To do: Repeat each record word for word. Leave nothing out.

(Collected data entries)

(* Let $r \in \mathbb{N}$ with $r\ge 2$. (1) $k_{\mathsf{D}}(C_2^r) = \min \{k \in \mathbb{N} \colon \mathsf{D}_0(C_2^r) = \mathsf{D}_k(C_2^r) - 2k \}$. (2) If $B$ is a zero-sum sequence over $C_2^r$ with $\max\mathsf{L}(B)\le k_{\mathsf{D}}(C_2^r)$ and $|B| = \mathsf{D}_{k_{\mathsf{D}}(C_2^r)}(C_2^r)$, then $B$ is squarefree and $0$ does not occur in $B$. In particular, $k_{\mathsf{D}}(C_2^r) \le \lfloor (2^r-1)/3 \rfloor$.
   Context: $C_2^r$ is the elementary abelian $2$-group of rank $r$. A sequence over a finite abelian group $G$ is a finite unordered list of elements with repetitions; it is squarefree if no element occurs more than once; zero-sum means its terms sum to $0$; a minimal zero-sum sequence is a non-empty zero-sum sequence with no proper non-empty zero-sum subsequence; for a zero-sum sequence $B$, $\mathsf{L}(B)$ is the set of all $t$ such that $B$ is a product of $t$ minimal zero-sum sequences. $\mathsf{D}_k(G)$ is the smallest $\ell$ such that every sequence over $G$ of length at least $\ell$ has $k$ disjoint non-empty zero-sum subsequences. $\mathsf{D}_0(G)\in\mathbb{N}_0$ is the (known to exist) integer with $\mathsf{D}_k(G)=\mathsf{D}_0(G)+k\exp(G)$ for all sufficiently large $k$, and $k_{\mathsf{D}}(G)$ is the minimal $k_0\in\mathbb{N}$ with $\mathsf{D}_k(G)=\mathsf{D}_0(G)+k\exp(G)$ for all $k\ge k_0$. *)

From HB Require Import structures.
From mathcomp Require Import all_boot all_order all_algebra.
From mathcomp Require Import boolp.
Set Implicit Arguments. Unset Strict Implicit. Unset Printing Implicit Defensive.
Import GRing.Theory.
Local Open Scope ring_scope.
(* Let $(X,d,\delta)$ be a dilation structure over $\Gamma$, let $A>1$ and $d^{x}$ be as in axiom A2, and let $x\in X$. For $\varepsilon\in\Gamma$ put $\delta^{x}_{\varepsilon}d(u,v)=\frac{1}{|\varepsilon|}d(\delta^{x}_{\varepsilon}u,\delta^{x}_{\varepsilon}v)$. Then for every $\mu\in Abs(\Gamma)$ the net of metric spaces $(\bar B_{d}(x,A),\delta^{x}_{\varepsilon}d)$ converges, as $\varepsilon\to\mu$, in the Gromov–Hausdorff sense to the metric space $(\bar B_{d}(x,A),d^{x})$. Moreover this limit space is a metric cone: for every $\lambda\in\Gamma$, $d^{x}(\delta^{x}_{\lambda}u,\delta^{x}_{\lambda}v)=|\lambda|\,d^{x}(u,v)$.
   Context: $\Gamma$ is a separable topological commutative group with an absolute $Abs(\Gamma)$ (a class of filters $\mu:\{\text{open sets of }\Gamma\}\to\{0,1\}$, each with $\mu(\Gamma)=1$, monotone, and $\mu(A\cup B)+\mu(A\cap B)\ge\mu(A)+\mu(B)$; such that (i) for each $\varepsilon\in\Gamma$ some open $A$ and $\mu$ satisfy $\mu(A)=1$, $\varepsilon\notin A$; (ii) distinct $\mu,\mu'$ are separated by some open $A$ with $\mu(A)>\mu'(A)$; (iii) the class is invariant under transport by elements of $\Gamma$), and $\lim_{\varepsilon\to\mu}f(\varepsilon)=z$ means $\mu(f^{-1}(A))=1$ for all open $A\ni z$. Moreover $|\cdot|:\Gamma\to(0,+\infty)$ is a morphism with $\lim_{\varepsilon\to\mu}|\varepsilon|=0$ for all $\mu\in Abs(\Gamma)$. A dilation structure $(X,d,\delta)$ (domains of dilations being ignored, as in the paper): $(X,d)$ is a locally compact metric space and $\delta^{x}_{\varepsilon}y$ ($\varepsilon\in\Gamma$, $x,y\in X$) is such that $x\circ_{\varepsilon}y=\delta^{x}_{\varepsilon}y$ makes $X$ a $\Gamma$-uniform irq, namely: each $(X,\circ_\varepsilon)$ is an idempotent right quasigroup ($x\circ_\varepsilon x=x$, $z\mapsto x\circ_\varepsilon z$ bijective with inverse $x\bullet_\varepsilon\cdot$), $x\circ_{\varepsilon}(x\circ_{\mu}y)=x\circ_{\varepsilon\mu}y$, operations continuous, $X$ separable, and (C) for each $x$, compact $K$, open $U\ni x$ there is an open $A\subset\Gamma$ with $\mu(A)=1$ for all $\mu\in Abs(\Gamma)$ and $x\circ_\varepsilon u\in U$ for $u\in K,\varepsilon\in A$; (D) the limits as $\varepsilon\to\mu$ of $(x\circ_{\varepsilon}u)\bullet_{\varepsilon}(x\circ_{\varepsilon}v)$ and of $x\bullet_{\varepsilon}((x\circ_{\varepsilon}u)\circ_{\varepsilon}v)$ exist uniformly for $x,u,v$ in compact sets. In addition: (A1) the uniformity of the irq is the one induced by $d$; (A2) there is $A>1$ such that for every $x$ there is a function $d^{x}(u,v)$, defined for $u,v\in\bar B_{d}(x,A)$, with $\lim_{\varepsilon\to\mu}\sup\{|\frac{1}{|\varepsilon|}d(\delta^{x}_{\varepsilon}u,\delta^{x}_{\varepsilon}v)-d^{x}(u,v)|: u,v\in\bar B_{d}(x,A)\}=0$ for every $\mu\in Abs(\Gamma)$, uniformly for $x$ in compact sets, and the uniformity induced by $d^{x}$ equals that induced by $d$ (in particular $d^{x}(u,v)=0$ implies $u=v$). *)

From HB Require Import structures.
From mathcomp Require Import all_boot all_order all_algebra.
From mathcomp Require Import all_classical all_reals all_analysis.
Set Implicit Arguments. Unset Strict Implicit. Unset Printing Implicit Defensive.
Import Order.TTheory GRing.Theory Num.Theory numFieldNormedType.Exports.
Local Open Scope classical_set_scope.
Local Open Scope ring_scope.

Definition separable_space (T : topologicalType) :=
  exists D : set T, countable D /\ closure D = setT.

Task response:
(* Let $r \in \mathbb{N}$ with $r\ge 2$. (1) $k_{\mathsf{D}}(C_2^r) = \min \{k \in \mathbb{N} \colon \mathsf{D}_0(C_2^r) = \mathsf{D}_k(C_2^r) - 2k \}$. (2) If $B$ is a zero-sum sequence over $C_2^r$ with $\max\mathsf{L}(B)\le k_{\mathsf{D}}(C_2^r)$ and $|B| = \mathsf{D}_{k_{\mathsf{D}}(C_2^r)}(C_2^r)$, then $B$ is squarefree and $0$ does not occur in $B$. In particular, $k_{\mathsf{D}}(C_2^r) \le \lfloor (2^r-1)/3 \rfloor$.
   Context: $C_2^r$ is the elementary abelian $2$-group of rank $r$. A sequence over a finite abelian group $G$ is a finite unordered list of elements with repetitions; it is squarefree if no element occurs more than once; zero-sum means its terms sum to $0$; a minimal zero-sum sequence is a non-empty zero-sum sequence with no proper non-empty zero-sum subsequence; for a zero-sum sequence $B$, $\mathsf{L}(B)$ is the set of all $t$ such that $B$ is a product of $t$ minimal zero-sum sequences. $\mathsf{D}_k(G)$ is the smallest $\ell$ such that every sequence over $G$ of length at least $\ell$ has $k$ disjoint non-empty zero-sum subsequences. $\mathsf{D}_0(G)\in\mathbb{N}_0$ is the (known to exist) integer with $\mathsf{D}_k(G)=\mathsf{D}_0(G)+k\exp(G)$ for all sufficiently large $k$, and $k_{\mathsf{D}}(G)$ is the minimal $k_0\in\mathbb{N}$ with $\mathsf{D}_k(G)=\mathsf{D}_0(G)+k\exp(G)$ for all $k\ge k_0$. *)

From HB Require Import structures.
From mathcomp Require Import all_boot all_order all_algebra.
From mathcomp Require Import boolp.
Set Implicit Arguments. Unset Strict Implicit. Unset Printing Implicit Defensive.
Import GRing.Theory.
Local Open Scope ring_scope.
(* Let $(X,d,\delta)$ be a dilation structure over $\Gamma$, let $A>1$ and $d^{x}$ be as in axiom A2, and let $x\in X$. For $\varepsilon\in\Gamma$ put $\delta^{x}_{\varepsilon}d(u,v)=\frac{1}{|\varepsilon|}d(\delta^{x}_{\varepsilon}u,\delta^{x}_{\varepsilon}v)$. Then for every $\mu\in Abs(\Gamma)$ the net of metric spaces $(\bar B_{d}(x,A),\delta^{x}_{\varepsilon}d)$ converges, as $\varepsilon\to\mu$, in the Gromov–Hausdorff sense to the metric space $(\bar B_{d}(x,A),d^{x})$. Moreover this limit space is a metric cone: for every $\lambda\in\Gamma$, $d^{x}(\delta^{x}_{\lambda}u,\delta^{x}_{\lambda}v)=|\lambda|\,d^{x}(u,v)$.
   Context: $\Gamma$ is a separable topological commutative group with an absolute $Abs(\Gamma)$ (a class of filters $\mu:\{\text{open sets of }\Gamma\}\to\{0,1\}$, each with $\mu(\Gamma)=1$, monotone, and $\mu(A\cup B)+\mu(A\cap B)\ge\mu(A)+\mu(B)$; such that (i) for each $\varepsilon\in\Gamma$ some open $A$ and $\mu$ satisfy $\mu(A)=1$, $\varepsilon\notin A$; (ii) distinct $\mu,\mu'$ are separated by some open $A$ with $\mu(A)>\mu'(A)$; (iii) the class is invariant under transport by elements of $\Gamma$), and $\lim_{\varepsilon\to\mu}f(\varepsilon)=z$ means $\mu(f^{-1}(A))=1$ for all open $A\ni z$. Moreover $|\cdot|:\Gamma\to(0,+\infty)$ is a morphism with $\lim_{\varepsilon\to\mu}|\varepsilon|=0$ for all $\mu\in Abs(\Gamma)$. A dilation structure $(X,d,\delta)$ (domains of dilations being ignored, as in the paper): $(X,d)$ is a locally compact metric space and $\delta^{x}_{\varepsilon}y$ ($\varepsilon\in\Gamma$, $x,y\in X$) is such that $x\circ_{\varepsilon}y=\delta^{x}_{\varepsilon}y$ makes $X$ a $\Gamma$-uniform irq, namely: each $(X,\circ_\varepsilon)$ is an idempotent right quasigroup ($x\circ_\varepsilon x=x$, $z\mapsto x\circ_\varepsilon z$ bijective with inverse $x\bullet_\varepsilon\cdot$), $x\circ_{\varepsilon}(x\circ_{\mu}y)=x\circ_{\varepsilon\mu}y$, operations continuous, $X$ separable, and (C) for each $x$, compact $K$, open $U\ni x$ there is an open $A\subset\Gamma$ with $\mu(A)=1$ for all $\mu\in Abs(\Gamma)$ and $x\circ_\varepsilon u\in U$ for $u\in K,\varepsilon\in A$; (D) the limits as $\varepsilon\to\mu$ of $(x\circ_{\varepsilon}u)\bullet_{\varepsilon}(x\circ_{\varepsilon}v)$ and of $x\bullet_{\varepsilon}((x\circ_{\varepsilon}u)\circ_{\varepsilon}v)$ exist uniformly for $x,u,v$ in compact sets. In addition: (A1) the uniformity of the irq is the one induced by $d$; (A2) there is $A>1$ such that for every $x$ there is a function $d^{x}(u,v)$, defined for $u,v\in\bar B_{d}(x,A)$, with $\lim_{\varepsilon\to\mu}\sup\{|\frac{1}{|\varepsilon|}d(\delta^{x}_{\varepsilon}u,\delta^{x}_{\varepsilon}v)-d^{x}(u,v)|: u,v\in\bar B_{d}(x,A)\}=0$ for every $\mu\in Abs(\Gamma)$, uniformly for $x$ in compact sets, and the uniformity induced by $d^{x}$ equals that induced by $d$ (in particular $d^{x}(u,v)=0$ implies $u=v$). *)

From HB Require Import structures.
From mathcomp Require Import all_boot all_order all_algebra.
From mathcomp Require Import all_classical all_reals all_analysis.
Set Implicit Arguments. Unset Strict Implicit. Unset Printing Implicit Defensive.
Import Order.TTheory GRing.Theory Num.Theory numFieldNormedType.Exports.
Local Open Scope classical_set_scope.
Local Open Scope ring_scope.

Definition separable_space (T : topologicalType) :=
  exists D : set T, countable D /\ closure D = setT.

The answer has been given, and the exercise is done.